* **How to complete this task**:
Filter these entries, keeping only lines that hold the word "case".

* * *

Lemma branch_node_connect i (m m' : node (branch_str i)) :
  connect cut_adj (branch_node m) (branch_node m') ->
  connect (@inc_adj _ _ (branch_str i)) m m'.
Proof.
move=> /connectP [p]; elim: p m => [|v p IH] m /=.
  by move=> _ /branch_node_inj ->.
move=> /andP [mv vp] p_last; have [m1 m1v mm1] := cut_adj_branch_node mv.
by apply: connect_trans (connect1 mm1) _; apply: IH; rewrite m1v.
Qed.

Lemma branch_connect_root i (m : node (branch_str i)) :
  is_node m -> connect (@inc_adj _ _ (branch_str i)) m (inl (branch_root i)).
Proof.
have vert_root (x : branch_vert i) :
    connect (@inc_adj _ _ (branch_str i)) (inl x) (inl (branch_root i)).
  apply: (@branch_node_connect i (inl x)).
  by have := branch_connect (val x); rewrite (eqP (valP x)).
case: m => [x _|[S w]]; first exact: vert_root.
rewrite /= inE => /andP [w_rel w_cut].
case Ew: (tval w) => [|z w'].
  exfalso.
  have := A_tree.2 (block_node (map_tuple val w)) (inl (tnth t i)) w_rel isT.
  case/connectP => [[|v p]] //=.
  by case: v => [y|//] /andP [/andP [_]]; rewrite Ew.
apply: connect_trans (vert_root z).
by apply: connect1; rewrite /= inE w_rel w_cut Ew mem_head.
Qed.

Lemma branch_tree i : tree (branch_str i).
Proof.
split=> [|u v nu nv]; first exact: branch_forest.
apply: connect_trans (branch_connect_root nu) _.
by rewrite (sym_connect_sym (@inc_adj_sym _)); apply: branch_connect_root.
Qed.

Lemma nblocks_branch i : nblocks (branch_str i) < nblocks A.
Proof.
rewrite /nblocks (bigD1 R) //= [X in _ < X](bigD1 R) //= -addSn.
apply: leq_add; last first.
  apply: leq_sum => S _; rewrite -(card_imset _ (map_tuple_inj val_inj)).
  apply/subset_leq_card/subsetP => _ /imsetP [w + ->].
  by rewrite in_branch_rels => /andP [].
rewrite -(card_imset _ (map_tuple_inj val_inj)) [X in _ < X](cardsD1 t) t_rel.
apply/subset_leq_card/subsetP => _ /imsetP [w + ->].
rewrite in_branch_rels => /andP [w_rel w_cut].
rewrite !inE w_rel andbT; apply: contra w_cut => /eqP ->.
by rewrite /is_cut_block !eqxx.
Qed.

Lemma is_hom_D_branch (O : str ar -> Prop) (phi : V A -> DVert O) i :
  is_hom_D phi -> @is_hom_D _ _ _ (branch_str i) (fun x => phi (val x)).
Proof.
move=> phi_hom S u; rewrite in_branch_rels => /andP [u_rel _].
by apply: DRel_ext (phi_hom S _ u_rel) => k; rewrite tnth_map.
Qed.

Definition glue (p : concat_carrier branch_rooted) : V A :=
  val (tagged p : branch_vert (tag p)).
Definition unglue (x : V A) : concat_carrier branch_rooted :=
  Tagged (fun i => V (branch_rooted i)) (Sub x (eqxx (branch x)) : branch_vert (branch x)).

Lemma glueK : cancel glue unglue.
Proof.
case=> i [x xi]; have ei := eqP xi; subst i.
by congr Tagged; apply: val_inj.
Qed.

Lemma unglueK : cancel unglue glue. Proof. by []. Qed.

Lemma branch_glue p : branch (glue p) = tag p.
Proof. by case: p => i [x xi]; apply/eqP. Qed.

* * *

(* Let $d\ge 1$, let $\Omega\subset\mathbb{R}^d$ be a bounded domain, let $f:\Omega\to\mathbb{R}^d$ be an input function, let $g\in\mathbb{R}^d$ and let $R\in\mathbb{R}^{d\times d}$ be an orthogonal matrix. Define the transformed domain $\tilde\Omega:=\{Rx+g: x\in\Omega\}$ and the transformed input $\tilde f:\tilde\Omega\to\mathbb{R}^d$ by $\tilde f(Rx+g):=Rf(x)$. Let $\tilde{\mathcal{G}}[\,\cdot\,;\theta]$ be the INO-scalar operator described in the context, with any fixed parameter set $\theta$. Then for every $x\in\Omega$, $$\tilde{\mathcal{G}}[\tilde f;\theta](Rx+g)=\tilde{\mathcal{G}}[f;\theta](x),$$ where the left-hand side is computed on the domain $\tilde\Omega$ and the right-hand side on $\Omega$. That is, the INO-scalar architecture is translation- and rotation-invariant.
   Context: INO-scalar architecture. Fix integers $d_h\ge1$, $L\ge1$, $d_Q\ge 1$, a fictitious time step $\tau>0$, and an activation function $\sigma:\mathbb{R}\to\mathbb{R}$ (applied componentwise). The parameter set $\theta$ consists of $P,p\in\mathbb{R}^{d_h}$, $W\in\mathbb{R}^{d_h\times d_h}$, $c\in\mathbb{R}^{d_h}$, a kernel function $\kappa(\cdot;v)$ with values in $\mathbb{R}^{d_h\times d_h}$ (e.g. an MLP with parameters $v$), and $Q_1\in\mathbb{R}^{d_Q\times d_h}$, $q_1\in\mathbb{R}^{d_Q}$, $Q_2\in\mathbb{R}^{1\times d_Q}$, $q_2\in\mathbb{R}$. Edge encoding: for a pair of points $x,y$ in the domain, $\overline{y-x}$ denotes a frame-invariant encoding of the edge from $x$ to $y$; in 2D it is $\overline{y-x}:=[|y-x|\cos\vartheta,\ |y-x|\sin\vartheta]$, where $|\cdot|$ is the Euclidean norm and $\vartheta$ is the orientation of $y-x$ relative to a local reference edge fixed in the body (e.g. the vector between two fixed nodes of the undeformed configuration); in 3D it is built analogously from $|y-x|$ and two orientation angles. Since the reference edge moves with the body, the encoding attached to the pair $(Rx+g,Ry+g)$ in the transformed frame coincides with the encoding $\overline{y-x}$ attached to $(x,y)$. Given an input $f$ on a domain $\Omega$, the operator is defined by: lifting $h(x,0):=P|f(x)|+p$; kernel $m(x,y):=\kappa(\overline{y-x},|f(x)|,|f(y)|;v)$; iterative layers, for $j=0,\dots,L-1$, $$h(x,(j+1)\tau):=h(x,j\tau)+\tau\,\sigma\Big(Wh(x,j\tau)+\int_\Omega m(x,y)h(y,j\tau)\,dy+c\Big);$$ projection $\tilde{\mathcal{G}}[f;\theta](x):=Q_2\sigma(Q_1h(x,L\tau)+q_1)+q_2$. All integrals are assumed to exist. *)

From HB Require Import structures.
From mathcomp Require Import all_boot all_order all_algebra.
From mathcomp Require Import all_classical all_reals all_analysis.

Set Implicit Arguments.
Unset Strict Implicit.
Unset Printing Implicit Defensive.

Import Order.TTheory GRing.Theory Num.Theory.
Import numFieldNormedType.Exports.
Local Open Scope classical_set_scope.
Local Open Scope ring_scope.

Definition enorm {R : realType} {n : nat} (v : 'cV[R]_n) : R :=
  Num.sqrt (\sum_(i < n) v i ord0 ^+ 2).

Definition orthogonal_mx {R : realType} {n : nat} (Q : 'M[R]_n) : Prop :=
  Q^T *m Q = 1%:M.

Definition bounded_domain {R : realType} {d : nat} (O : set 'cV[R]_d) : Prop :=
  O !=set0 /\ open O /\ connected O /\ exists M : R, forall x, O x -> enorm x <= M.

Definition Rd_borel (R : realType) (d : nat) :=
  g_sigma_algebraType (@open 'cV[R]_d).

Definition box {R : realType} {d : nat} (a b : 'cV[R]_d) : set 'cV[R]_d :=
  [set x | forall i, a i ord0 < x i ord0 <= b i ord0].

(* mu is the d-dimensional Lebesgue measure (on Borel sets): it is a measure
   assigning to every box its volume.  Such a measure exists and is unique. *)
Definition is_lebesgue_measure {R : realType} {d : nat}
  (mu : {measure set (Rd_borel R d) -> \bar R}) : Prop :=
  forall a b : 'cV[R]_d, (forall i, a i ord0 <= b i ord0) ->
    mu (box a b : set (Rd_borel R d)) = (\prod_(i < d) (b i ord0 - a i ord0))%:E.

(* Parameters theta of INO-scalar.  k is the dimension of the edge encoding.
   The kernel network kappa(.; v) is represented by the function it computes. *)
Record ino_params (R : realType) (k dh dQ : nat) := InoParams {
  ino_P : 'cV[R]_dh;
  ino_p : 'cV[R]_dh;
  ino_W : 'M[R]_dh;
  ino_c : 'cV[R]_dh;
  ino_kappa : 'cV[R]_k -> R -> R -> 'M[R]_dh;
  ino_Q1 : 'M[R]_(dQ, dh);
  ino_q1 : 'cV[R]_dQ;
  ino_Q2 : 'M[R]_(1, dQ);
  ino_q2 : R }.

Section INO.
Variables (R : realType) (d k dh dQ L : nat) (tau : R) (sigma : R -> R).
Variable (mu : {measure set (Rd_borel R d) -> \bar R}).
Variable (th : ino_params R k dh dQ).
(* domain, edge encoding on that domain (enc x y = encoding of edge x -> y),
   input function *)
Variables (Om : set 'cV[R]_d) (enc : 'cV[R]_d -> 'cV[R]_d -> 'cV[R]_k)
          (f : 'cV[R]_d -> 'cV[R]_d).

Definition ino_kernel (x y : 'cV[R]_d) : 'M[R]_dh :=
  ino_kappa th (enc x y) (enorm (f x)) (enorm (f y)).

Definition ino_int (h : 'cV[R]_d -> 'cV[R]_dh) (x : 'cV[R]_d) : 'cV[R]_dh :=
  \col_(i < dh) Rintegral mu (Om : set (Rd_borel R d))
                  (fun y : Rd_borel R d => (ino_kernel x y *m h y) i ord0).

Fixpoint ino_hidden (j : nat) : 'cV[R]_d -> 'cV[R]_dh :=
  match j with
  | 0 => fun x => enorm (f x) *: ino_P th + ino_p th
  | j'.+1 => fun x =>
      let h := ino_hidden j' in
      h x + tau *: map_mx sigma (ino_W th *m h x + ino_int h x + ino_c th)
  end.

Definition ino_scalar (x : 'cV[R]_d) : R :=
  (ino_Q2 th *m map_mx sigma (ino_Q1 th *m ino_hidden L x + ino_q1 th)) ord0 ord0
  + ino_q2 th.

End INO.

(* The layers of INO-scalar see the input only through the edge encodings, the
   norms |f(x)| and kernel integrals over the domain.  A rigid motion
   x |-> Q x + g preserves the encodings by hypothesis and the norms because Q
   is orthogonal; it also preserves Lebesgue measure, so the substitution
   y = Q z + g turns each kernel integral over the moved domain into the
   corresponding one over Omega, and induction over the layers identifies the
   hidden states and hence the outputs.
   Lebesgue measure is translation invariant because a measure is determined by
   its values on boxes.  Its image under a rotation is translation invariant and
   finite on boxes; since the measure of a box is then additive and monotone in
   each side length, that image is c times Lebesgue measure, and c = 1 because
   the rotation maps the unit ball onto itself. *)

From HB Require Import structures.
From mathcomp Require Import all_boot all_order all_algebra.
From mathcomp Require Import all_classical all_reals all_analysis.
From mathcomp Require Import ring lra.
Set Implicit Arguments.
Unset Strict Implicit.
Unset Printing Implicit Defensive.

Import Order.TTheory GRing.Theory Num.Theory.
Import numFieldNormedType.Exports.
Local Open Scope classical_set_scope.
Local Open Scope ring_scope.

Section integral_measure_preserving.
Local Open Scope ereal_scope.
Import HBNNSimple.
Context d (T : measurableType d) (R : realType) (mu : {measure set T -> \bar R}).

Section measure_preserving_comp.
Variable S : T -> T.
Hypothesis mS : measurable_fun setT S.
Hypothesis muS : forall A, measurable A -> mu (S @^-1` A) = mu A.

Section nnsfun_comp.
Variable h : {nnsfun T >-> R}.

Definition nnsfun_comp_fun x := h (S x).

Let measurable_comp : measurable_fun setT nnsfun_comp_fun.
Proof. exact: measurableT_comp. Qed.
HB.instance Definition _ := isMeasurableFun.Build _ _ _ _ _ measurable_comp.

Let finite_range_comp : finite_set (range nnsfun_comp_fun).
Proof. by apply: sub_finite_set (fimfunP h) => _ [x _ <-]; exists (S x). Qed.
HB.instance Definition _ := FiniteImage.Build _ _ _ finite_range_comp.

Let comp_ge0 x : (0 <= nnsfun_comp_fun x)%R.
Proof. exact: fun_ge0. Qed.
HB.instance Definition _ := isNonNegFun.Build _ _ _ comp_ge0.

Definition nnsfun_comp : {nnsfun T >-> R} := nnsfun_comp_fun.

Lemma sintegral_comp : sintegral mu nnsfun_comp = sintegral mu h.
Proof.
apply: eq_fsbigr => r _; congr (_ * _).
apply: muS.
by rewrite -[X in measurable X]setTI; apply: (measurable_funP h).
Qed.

* * *

* **Answer to this exercise**:
case: m => [x _|[S w]]; first exact: vert_root.
case Ew: (tval w) => [|z w'].
  case/connectP => [[|v p]] //=.
  by case: v => [y|//] /andP [/andP [_]]; rewrite Ew.
case=> i [x xi]; have ei := eqP xi; subst i.
Proof. by case: p => i [x xi]; apply/eqP. Qed.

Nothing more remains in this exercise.